HOW TO COMPLETE THIS TASK:
Go to the line containing "End Equilibrium." in the records below and print it and every following line exactly, on through the line containing "(forall i, demand", then stop.

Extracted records
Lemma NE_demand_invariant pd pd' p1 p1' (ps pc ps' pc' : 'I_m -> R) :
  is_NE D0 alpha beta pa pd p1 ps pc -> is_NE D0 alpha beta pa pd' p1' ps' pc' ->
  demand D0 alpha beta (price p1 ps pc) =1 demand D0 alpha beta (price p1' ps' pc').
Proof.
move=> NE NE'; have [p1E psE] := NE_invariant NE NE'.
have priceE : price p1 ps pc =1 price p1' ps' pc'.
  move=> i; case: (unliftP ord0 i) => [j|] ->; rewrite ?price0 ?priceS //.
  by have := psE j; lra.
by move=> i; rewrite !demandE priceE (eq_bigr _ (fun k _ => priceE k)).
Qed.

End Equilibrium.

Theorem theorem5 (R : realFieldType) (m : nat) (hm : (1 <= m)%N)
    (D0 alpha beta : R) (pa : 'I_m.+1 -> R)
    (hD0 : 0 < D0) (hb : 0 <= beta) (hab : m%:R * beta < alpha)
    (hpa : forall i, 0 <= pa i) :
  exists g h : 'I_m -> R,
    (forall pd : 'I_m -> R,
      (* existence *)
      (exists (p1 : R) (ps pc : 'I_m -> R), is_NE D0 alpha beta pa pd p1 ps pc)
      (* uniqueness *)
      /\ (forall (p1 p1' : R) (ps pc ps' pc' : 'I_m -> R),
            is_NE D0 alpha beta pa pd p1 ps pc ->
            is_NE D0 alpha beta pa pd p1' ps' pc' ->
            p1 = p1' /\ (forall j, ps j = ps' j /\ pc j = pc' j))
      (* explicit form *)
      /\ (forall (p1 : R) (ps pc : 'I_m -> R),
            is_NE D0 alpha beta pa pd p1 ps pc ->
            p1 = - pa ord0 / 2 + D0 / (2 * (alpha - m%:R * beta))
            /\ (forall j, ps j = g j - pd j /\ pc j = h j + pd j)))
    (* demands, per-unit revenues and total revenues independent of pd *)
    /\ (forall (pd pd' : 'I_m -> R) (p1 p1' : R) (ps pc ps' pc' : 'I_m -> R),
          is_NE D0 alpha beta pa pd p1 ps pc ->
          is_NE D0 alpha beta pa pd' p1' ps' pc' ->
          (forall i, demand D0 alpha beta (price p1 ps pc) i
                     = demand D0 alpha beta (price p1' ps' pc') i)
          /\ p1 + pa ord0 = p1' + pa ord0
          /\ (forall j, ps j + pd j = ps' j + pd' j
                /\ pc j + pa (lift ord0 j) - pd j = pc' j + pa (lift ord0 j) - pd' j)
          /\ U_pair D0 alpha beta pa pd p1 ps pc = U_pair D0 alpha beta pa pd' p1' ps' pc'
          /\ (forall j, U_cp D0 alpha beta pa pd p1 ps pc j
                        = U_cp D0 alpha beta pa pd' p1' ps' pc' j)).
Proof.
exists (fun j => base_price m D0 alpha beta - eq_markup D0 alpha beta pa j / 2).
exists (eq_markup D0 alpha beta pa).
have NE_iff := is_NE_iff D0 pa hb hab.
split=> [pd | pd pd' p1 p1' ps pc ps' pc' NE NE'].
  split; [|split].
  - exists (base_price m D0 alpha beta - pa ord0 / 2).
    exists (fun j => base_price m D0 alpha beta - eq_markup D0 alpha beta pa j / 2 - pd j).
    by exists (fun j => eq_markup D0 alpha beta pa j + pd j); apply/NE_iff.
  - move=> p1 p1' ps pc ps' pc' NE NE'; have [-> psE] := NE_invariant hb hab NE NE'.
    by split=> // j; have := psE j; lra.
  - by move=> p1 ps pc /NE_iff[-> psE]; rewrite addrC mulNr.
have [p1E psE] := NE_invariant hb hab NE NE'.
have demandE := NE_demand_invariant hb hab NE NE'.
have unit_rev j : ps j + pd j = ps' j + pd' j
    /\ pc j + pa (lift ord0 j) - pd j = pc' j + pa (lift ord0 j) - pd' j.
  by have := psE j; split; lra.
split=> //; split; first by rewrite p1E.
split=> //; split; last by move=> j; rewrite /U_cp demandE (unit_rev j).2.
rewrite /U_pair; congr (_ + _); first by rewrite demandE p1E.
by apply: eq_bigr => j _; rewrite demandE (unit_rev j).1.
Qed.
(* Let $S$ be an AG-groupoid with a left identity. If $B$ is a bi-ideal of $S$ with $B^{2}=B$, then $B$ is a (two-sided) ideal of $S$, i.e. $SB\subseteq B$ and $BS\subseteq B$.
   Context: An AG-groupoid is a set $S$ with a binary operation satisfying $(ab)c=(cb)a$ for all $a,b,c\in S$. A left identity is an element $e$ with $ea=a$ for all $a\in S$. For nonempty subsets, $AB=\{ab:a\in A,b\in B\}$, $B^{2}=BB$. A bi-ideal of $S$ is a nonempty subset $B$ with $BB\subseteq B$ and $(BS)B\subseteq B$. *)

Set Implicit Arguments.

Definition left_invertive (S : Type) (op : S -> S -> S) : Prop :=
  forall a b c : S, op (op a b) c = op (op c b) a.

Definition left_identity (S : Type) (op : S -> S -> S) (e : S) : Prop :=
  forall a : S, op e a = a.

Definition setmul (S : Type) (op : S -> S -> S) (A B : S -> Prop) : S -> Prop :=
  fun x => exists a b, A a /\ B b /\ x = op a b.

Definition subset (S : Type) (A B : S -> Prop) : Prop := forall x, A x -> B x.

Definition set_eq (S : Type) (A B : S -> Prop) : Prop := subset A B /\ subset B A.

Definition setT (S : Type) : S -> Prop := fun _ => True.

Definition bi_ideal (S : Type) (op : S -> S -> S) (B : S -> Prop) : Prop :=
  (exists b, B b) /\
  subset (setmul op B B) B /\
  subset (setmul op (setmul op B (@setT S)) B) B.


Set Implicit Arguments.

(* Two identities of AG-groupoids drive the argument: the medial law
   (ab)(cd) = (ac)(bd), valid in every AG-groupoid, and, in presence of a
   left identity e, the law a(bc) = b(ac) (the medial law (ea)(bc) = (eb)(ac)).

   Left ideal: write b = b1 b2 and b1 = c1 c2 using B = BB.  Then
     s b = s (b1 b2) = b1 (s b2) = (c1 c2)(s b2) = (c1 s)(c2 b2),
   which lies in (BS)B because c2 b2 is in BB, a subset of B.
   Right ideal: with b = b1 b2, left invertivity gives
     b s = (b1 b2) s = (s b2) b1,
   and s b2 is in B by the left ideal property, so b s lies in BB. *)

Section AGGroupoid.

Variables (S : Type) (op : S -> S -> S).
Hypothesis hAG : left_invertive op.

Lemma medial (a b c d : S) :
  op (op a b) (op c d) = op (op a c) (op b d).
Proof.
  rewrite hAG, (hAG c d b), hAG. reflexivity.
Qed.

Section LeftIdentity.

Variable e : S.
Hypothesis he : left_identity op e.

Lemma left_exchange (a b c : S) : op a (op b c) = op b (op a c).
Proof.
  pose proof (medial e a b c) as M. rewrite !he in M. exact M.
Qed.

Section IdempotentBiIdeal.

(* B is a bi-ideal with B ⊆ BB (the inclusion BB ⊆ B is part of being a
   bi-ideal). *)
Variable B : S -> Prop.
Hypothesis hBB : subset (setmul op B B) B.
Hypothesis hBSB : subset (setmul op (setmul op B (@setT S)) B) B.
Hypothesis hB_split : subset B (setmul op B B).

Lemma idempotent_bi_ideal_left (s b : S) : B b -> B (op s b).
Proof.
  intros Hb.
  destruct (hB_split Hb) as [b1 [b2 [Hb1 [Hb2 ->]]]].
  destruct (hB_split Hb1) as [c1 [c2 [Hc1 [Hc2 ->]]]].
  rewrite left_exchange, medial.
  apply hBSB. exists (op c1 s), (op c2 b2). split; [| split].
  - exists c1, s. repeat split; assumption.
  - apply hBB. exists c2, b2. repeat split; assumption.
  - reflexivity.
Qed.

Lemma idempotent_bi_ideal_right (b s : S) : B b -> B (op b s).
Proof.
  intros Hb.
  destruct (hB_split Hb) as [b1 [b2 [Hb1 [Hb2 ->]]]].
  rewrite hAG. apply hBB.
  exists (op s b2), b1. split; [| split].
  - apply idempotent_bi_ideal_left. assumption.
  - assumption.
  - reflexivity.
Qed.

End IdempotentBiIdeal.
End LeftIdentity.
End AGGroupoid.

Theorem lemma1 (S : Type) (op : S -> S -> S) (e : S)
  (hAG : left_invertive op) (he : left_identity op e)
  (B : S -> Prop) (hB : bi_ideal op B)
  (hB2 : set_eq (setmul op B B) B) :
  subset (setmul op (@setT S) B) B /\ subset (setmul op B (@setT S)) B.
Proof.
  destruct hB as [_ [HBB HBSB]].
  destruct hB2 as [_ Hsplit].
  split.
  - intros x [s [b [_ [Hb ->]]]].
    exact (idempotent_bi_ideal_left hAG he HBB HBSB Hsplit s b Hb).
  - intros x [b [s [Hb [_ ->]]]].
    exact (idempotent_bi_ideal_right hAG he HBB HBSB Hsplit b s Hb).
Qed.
==
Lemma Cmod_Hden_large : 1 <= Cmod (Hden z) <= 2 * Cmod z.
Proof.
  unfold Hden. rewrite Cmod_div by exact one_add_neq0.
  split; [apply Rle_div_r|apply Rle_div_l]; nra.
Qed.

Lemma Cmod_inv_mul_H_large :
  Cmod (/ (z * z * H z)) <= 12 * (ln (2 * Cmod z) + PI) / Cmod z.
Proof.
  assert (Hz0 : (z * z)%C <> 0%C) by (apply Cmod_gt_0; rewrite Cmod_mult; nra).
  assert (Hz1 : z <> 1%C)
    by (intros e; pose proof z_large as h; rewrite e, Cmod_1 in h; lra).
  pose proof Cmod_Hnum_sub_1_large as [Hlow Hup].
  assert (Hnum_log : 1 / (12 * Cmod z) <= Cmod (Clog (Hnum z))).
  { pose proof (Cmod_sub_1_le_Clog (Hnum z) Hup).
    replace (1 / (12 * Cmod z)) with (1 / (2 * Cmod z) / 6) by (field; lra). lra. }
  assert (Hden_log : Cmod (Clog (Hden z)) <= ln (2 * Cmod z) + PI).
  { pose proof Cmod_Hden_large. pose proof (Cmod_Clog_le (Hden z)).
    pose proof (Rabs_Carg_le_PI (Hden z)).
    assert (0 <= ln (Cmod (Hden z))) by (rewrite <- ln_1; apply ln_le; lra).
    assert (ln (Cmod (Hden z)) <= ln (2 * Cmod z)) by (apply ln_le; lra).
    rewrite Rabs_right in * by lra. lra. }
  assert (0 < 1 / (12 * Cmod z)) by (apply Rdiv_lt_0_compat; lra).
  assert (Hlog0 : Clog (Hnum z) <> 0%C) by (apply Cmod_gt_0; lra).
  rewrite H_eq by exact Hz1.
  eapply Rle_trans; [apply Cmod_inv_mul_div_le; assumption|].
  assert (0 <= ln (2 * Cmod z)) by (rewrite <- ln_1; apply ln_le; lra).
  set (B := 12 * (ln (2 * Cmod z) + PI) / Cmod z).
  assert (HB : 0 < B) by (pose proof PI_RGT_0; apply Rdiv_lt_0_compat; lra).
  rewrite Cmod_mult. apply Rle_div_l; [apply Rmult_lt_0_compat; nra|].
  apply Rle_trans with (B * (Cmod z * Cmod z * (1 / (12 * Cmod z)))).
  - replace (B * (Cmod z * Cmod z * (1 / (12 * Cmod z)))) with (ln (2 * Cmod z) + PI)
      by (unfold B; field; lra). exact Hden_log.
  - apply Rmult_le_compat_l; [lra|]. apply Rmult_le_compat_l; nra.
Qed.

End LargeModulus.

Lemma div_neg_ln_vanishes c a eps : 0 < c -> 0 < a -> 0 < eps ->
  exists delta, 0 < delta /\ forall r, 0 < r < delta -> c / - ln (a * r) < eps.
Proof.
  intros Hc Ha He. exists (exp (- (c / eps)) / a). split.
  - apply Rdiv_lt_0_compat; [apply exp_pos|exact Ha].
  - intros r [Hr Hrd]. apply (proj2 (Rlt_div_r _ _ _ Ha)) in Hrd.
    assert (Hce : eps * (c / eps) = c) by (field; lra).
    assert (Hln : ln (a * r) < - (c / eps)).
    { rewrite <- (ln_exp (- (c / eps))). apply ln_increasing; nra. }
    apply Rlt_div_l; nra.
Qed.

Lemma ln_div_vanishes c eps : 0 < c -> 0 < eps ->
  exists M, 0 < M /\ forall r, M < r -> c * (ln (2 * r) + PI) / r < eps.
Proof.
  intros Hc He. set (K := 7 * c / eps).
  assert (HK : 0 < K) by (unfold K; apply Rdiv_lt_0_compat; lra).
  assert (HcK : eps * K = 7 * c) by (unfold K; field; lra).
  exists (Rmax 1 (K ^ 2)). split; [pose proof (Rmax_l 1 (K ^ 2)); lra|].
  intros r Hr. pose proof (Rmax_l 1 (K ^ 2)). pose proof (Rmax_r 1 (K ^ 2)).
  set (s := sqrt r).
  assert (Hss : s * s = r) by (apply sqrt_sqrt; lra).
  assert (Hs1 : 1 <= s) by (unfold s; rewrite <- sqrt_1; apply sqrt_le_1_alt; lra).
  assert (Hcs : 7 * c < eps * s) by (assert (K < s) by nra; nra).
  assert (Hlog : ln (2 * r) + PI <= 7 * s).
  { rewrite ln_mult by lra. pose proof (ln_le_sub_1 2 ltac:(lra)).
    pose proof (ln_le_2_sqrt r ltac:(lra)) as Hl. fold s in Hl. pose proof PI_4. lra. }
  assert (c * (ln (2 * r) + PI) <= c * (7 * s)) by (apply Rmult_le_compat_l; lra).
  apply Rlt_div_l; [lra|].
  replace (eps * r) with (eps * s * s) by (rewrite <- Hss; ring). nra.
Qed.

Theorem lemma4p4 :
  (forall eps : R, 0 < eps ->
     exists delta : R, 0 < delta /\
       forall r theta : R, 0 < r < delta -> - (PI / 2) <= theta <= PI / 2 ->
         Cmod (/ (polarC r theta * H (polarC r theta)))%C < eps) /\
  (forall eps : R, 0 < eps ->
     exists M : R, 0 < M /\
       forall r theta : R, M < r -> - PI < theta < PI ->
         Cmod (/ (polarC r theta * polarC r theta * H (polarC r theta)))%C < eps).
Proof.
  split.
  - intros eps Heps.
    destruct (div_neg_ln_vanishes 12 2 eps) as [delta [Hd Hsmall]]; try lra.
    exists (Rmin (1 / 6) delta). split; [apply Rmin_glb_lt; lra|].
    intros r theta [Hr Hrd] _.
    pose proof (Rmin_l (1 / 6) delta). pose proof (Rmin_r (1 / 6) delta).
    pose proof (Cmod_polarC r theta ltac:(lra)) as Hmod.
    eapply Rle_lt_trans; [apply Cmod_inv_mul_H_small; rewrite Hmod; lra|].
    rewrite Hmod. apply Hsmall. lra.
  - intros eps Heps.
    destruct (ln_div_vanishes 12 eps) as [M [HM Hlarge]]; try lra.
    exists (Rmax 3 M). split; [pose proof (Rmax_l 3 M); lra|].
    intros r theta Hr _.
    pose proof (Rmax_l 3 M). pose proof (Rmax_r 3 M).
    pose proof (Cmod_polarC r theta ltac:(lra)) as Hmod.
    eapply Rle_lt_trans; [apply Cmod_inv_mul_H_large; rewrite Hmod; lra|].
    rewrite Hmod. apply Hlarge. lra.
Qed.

SOLUTION TO THIS PROBLEM:
End Equilibrium.

Theorem theorem5 (R : realFieldType) (m : nat) (hm : (1 <= m)%N)
    (D0 alpha beta : R) (pa : 'I_m.+1 -> R)
    (hD0 : 0 < D0) (hb : 0 <= beta) (hab : m%:R * beta < alpha)
    (hpa : forall i, 0 <= pa i) :
  exists g h : 'I_m -> R,
    (forall pd : 'I_m -> R,
      (* existence *)
      (exists (p1 : R) (ps pc : 'I_m -> R), is_NE D0 alpha beta pa pd p1 ps pc)
      (* uniqueness *)
      /\ (forall (p1 p1' : R) (ps pc ps' pc' : 'I_m -> R),
            is_NE D0 alpha beta pa pd p1 ps pc ->
            is_NE D0 alpha beta pa pd p1' ps' pc' ->
            p1 = p1' /\ (forall j, ps j = ps' j /\ pc j = pc' j))
      (* explicit form *)
      /\ (forall (p1 : R) (ps pc : 'I_m -> R),
            is_NE D0 alpha beta pa pd p1 ps pc ->
            p1 = - pa ord0 / 2 + D0 / (2 * (alpha - m%:R * beta))
            /\ (forall j, ps j = g j - pd j /\ pc j = h j + pd j)))
    (* demands, per-unit revenues and total revenues independent of pd *)
    /\ (forall (pd pd' : 'I_m -> R) (p1 p1' : R) (ps pc ps' pc' : 'I_m -> R),
          is_NE D0 alpha beta pa pd p1 ps pc ->
          is_NE D0 alpha beta pa pd' p1' ps' pc' ->
          (forall i, demand D0 alpha beta (price p1 ps pc) i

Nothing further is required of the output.